You might be able to correlate some measurements to perception but you can't replace perception.

Gary
I mean, you're correct about this, but what you said in post #17 is confused / confusing. "there are things about speakers that can't be measured..." But no, as you note, in most cases (i.e. speakers that fit on a klippel) we can measure every aspect of how they radiate sound into space with good accuracy.
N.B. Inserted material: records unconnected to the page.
Section CubeNet.
Variables (R : realType) (n m : nat).
Hypothesis m_gt0 : (0 < m)%N.

Local Notation face_idx := ('I_n.+1 * {ffun 'I_n -> 'I_(2 * m).+1})%type.

(* The integer points of the face [x_i = m] of the cube [-m, m]^(n+1), i = j.1;
   the other coordinates are j.2 shifted from [0, 2m] to [-m, m]. *)
Definition face_point (j : face_idx) : 'rV[R]_n.+1 :=
  \row_k (if unlift j.1 k is Some k' then (j.2 k' : nat)%:R - m%:R else m%:R).

Lemma dotv_face_point_gt0 j : 0 < dotv (face_point j) (face_point j).
Proof.
by apply: (@dotv_gt0_coord _ _ _ j.1); rewrite mxE unlift_none pnatr_eq0 -lt0n.
Qed.

Lemma face_point_near (y : 'rV[R]_n.+1) i : y 0 i = m%:R -> (forall k, `|y 0 k| <= m%:R) ->
  exists j, forall k, `|face_point j 0 k - y 0 k| <= 1 / 2.
Proof.
move=> yi y_le.
have near k' : exists g : 'I_(2 * m).+1, `|(g : nat)%:R - (y 0 (lift i k') + m%:R)| <= 1 / 2.
  apply: exists_ord_near; have := y_le (lift i k'); rewrite ler_norml natrM.
  by move=> /andP[? ?]; apply/andP; split; lra.
have [g g_near] := fin_all_exists near.
exists (i, [ffun k' => g k']) => k; rewrite mxE /=.
case: unliftP => [k' ->|->]; last by rewrite yi subrr normr0; lra.
by have := g_near k'; rewrite ffunE addrAC opprD addrA.
Qed.

Lemma polar_face_points_bound (z : 'rV[R]_n.+1) : 2 * n.+1%:R <= m%:R ^+ 2 :> R ->
  (forall j, dotv z (face_point j) ^+ 2 <= dotv (face_point j) (face_point j)) ->
  dotv z z <= 1 + n.+1%:R / m%:R ^+ 2.
Proof.
move=> m_large polar.
have m2_gt0 : 0 < m%:R ^+ 2 :> R by rewrite exprn_gt0 ?ltr0n.
have bound_ge0 : 0 <= n.+1%:R / m%:R ^+ 2 :> R by rewrite divr_ge0 ?ler0n ?ltW.
have [i _ i_max] := @arg_maxP _ _ _ ord0 xpredT (fun k => `|z 0 k|) erefl.
have [zi0|zi_neq0] := eqVneq (z 0 i) 0.
  have -> : dotv z z = 0.
    apply: big1 => k _; have := i_max k isT; rewrite /= zi0 normr0 normr_le0 => /eqP->.
    by rewrite mul0r.
  by lra.
pose lam := m%:R / z 0 i.
have [j j_near] : exists j, forall k, `|face_point j 0 k - (lam *: z) 0 k| <= 1 / 2.
  apply: (@face_point_near _ i); first by rewrite mxE /lam divfK.
  move=> k; rewrite mxE normrM /lam normf_div normr_nat -mulrA.
  apply: ler_piMr; first exact: ler0n.
  by rewrite mulrC ler_pdivrMr ?normr_gt0 // mul1r; apply: i_max.
set e := face_point j - lam *: z.
have fp_eq : face_point j = lam *: z + e by rewrite /e addrC subrK.
have e_small : dotv e e <= n.+1%:R / 4.
  have /dotv_le_coord_bound : forall k, `|e 0 k| <= 1 / 2.
    by move=> k; have := j_near k; rewrite /e !mxE.
  by rewrite expr2; lra.
have L_ge : m%:R ^+ 2 <= lam ^+ 2 * dotv z z.
  have -> : m%:R = lam * z 0 i by rewrite /lam divfK.
  by rewrite exprMn ler_wpM2l ?sqr_ge0 ?coord_sqr_le_dotv.
have := polar j; rewrite fp_eq => /dotv_perturb_bound perturb.
have : (dotv z z - 1) * (lam ^+ 2 * dotv z z) <= n.+1%:R.
  by apply: le_trans (perturb _) _; lra.
case: (lerP (dotv z z) 1) => [r_le1 _|r_gt1 r_le]; first by lra.
rewrite -lerBlDl ler_pdivlMr //; apply: le_trans r_le.
by rewrite ler_wpM2l // subr_ge0 ltW.
Qed.

Variable delta : R.

Definition net_query (t : nat) : sphere R n.+1 :=
  to_sphere (dotv_face_point_gt0 (nth (ord0, [ffun => ord0]) (enum {: face_idx}) t)).

Definition net_consistent (s : seq R) (x : 'rV[R]_n.+1) :=
  forall t, (t < size s)%N -> `|nth 0 s t - dotv x (proj1_sig (net_query t))| <= delta.

Definition net_values (s : seq R) (v : sphere R n.+1) : set R :=
  [set dotv x (proj1_sig v) | x in net_consistent s]%classic.

Definition net_estimate (s : seq R) (v : sphere R n.+1) : R :=
  (sup (net_values s v) + inf (net_values s v)) / 2.

Definition net_reconstructor := Reconstructor (fun s => net_query (size s)) net_estimate.

Lemma card_face_idx : #|{: face_idx}| = (n.+1 * (2 * m).+1 ^ n)%N.
Proof. by rewrite card_prod card_ffun !card_ord. Qed.

Lemma rq_net_reconstructor s : rq net_reconstructor s = net_query (size s).
Proof. by []. Qed.

Lemma rout_net_reconstructor s v : rout net_reconstructor s v = net_estimate s v.
Proof. by []. Qed.

Lemma net_consistent_diff s x1 x2 v :
  (#|{: face_idx}| <= size s)%N -> 0 < delta -> 2 * n.+1%:R <= m%:R ^+ 2 :> R ->
  dotv v v = 1 -> net_consistent s x1 -> net_consistent s x2 ->
  dotv x1 v - dotv x2 v <= 2 * delta * (1 + n.+1%:R / (2 * m%:R ^+ 2)).
Proof.
move=> s_large delta_gt0 m_large v1 cons1 cons2.
have delta2_gt0 : 0 < 2 * delta by rewrite mulr_gt0.
set y := (2 * delta)^-1 *: (x1 - x2).
have polar j : dotv y (face_point j) ^+ 2 <= dotv (face_point j) (face_point j).
  have fp_gt0 := dotv_face_point_gt0 j.
  rewrite -[X in _ <= X]mul1r -ler_pdivrMr // -dotv_normalize_sqr //.
  rewrite -real_normK ?num_real // expr_le1 //.
  set t := index j (enum {: face_idx}).
  have t_lt : (t < size s)%N by apply: leq_trans s_large; rewrite cardE index_mem mem_enum.
  have := cons1 t t_lt; have := cons2 t t_lt.
  rewrite /net_query /= nth_index ?mem_enum // /y dotvZl dotvBl normrM gtr0_norm ?invr_gt0 //.
  rewrite ler_pdivrMl // mulr1 => c2; rewrite distrC => c1.
  set w := normalize _ in c1 c2 *.
  by have := ler_distD (nth 0 s t) (dotv x1 w) (dotv x2 w); lra.
have y_sqr := polar_face_points_bound m_large polar.
have y_v := dotv_unit_le_mean y v1.
have -> : dotv x1 v - dotv x2 v = 2 * delta * dotv y v.
  by rewrite /y dotvZl dotvBl mulrA mulfV ?gt_eqF // mul1r.
by rewrite ler_pM2l // invfM; lra.
Qed.

Lemma worst_error_net_le T : (#|{: face_idx}| <= T)%N -> 0 < delta ->
  2 * n.+1%:R <= m%:R ^+ 2 :> R ->
  (worst_error net_reconstructor T delta <= (delta * (1 + n.+1%:R / (2 * m%:R ^+ 2)))%:E)%E.
Proof.
move=> T_large delta_gt0 m_large.
apply: ge_ereal_sup => _ [x [rs [v [[rs_size cons] ->]]]]; rewrite lee_fin.
have cons_x : net_consistent rs x.
  move=> t t_lt; rewrite -rs_size in cons.
  by have := cons t t_lt; rewrite rq_net_reconstructor size_takel // ltnW.
rewrite rout_net_reconstructor.
set K := 1 + _.
have -> : delta * K = 2 * delta * K / 2 by field.
apply: midpoint_sup_inf_near; first by exists x.
move=> _ _ [x1 cons1 <-] [x2 cons2 <-].
have v1 : dotv (sval v) (sval v) = 1 := svalP v.
by apply: (net_consistent_diff (s := rs)); rewrite ?rs_size.
Qed.

End CubeNet.

Section Bounds.
Variables (R : realType) (n : nat).
Hypothesis n_gt0 : (0 < n)%N.

Lemma OPT_improper_ge (T : nat) (delta : R) : (0 < T)%N -> 0 < delta ->
  ((delta * (1 + 1 / (128 * n.+1%:R) * powR T%:R (- (2 / n%:R))))%:E
     <= OPT_improper n.+1 T delta)%E.
Proof.
move=> T_gt0 delta_gt0.
have T_ge1 : ((1 * 1) ^ n <= T)%N by rewrite exp1n.
have [m [m_gt0 /andP[]]] := exists_expn_bracket (c := 1) n_gt0 isT T_ge1.
rewrite !mul1n => mn_le T_lt.
apply: le_ereal_inf_tmp => _ [S _ <-].
apply: le_trans _ (worst_error_ge_pack (m := m.+1) isT S delta_gt0 T_lt).
rewrite lee_fin ler_pM2l // lerD2l.
have P_gt0 : 0 < powR T%:R (2 / n%:R) :> R by rewrite powR_gt0 ?ltr0n.
have m_sqr : m%:R ^+ 2 <= powR T%:R (2 / n%:R) :> R.
  by apply: sqr_le_powR_2div; rewrite ?ler0n // -natrX ler_nat.
have m1_sqr : m.+1%:R ^+ 2 <= 4 * m%:R ^+ 2 :> R.
  have : m.+1%:R <= 2 * m%:R :> R by rewrite -natrM ler_nat; lia.
  have : 1 <= m%:R :> R by rewrite ler1n.
  nra.
set P := powR T%:R _ in P_gt0 m_sqr *.
rewrite powRN /pack_margin.
have -> : 1 / (128 * n.+1%:R) * P^-1 = 1 / (32 * n.+1%:R * (4 * P)).
  by field; rewrite gt_eqF //= nat1r pnatr_eq0.
rewrite !div1r lef_pV2 ?posrE ?mulr_gt0 ?exprn_gt0 ?ltr0n // ler_pM2l ?mulr_gt0 ?ltr0n //.
lra.
Qed.

Lemma OPT_improper_le (T : nat) (delta : R) : ((12 * n.+1) ^ n <= T)%N -> 0 < delta ->
  (OPT_improper n.+1 T delta
     <= (delta * (1 + 72 * n.+1%:R * powR T%:R (- (2 / n%:R))))%:E)%E.
Proof.
move=> T_large delta_gt0.
have T_bracket : ((6 * (2 * n.+1)) ^ n <= T)%N by rewrite mulnA.
have [m [m_ge /andP[m6_le T_lt]]] := exists_expn_bracket (c := 6) n_gt0 isT T_bracket.
have m_gt0 : (0 < m)%N by apply: leq_trans m_ge.
have m_large : 2 * n.+1%:R <= m%:R ^+ 2 :> R.
  by rewrite -natrX -natrM ler_nat; nia.
have card_le : (#|{: 'I_n.+1 * {ffun 'I_n -> 'I_(2 * m).+1}}| <= T)%N.
  rewrite card_face_idx; apply: leq_trans m6_le.
  apply: (@leq_trans ((2 * (2 * m).+1) ^ n)); last by rewrite leq_exp2r //; lia.
  by rewrite expnMn leq_mul2r ltn_expl ?orbT.
apply: le_trans (ereal_inf_lbound _) _; first by exists (net_reconstructor n m_gt0 delta).
apply: le_trans (worst_error_net_le m_gt0 card_le delta_gt0 m_large) _.
rewrite lee_fin ler_pM2l // lerD2l.
have T_le : T%:R <= (12 * m)%:R ^+ n :> R.
  rewrite -natrX ler_nat ltnW // (leq_trans T_lt) // leq_exp2r //; lia.
have P_le := powR_2div_le_sqr n_gt0 (ler0n _ _) (ler0n _ _) T_le.
have P_gt0 : 0 < powR T%:R (2 / n%:R) :> R by rewrite powR_gt0 ?ltr0n //; lia.
rewrite powRN; set P := powR T%:R _ in P_le P_gt0 *.
rewrite natrM exprMn in P_le.
have -> : 72 * n.+1%:R / P = n.+1%:R / (P / 72) by field; rewrite gt_eqF.
rewrite ler_pM2l ?ltr0n // lef_pV2 ?posrE ?divr_gt0 ?mulr_gt0 ?exprn_gt0 ?ltr0n //.
lra.
Qed.

End Bounds.

Theorem mainTheorem19 (R : realType) (d : nat) :
  (2 <= d)%N ->
  exists (a A : R), 0 < a /\ 0 < A /\
  exists T' : nat, (1 <= T')%N /\
  forall (delta : R) (T : nat), 0 < delta -> (T' <= T)%N ->
    ((delta * (1 + a * powR (T%:R) (- (2 / (d - 1)%:R))))%:E
       <= OPT_improper d T delta)%E /\
    (OPT_improper d T delta
       <= (delta * (1 + A * powR (T%:R) (- (2 / (d - 1)%:R))))%:E)%E.
Proof.
case: d => [|n] // n_gt0; rewrite subn1 /=.
exists (1 / (128 * n.+1%:R)), (72 * n.+1%:R).
split; first by rewrite divr_gt0 ?mulr_gt0 ?ltr0n.
split; first by rewrite mulr_gt0 ?ltr0n.
exists ((12 * n.+1) ^ n)%N; split; first by rewrite expn_gt0.
move=> delta T delta_gt0 T_large; split.
- by apply: OPT_improper_ge; rewrite // (leq_trans _ T_large) // expn_gt0.
- exact: OPT_improper_le.
Qed.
You can't measure the perception of imaging / the illusion of space. Because this isn't a "thing about the speaker", it's a thing about the listener.
 
This effect of the speakers disappearing and all images coming from points in space rather than a clothesline stretched between the speakers is caused by a sufficient output to the rear and rear/sides which is in turn caused by the radiation pattern of the speakers. The simplest example I can give you with commercial speakers would be the open baffle, which has at least as much output to the rear as to the front
The perception you describe, practically a truncated pyramid, is achieved primarily through an excellent recording with the right balance of direct/reflected sound, speaker placement, the listening triangle relative to the room's walls, and acoustic treatment. An excellent polar pattern. If you measure everything, with patience and experimentation, what you call spatiality will eventually emerge!
 
Once you have obtained the truncated pyramid, it is only the beginning. Inside the truncated pyramid, you need to focus the individual sound images, starting from the central one, the first one you need to obtain, but that's another story.
 
Oh I agree you can’t measure things that aren’t in the signal(s) by measuring the signal(s).

I suppose there are some brainwaves and such that would offer a clue, but that’s out of scope. Besides, that sort of stuff isn’t limited to speakers.
ahofer, you won't get this for another couple of decades, but the sound field that is projected into the room is not caused by "signals" in the sound tracks, it is caused by the radiation pattern, speaker positioning, and direct to reflected ratio of speakers and room. Those factors are the essence of what we hear from all systems.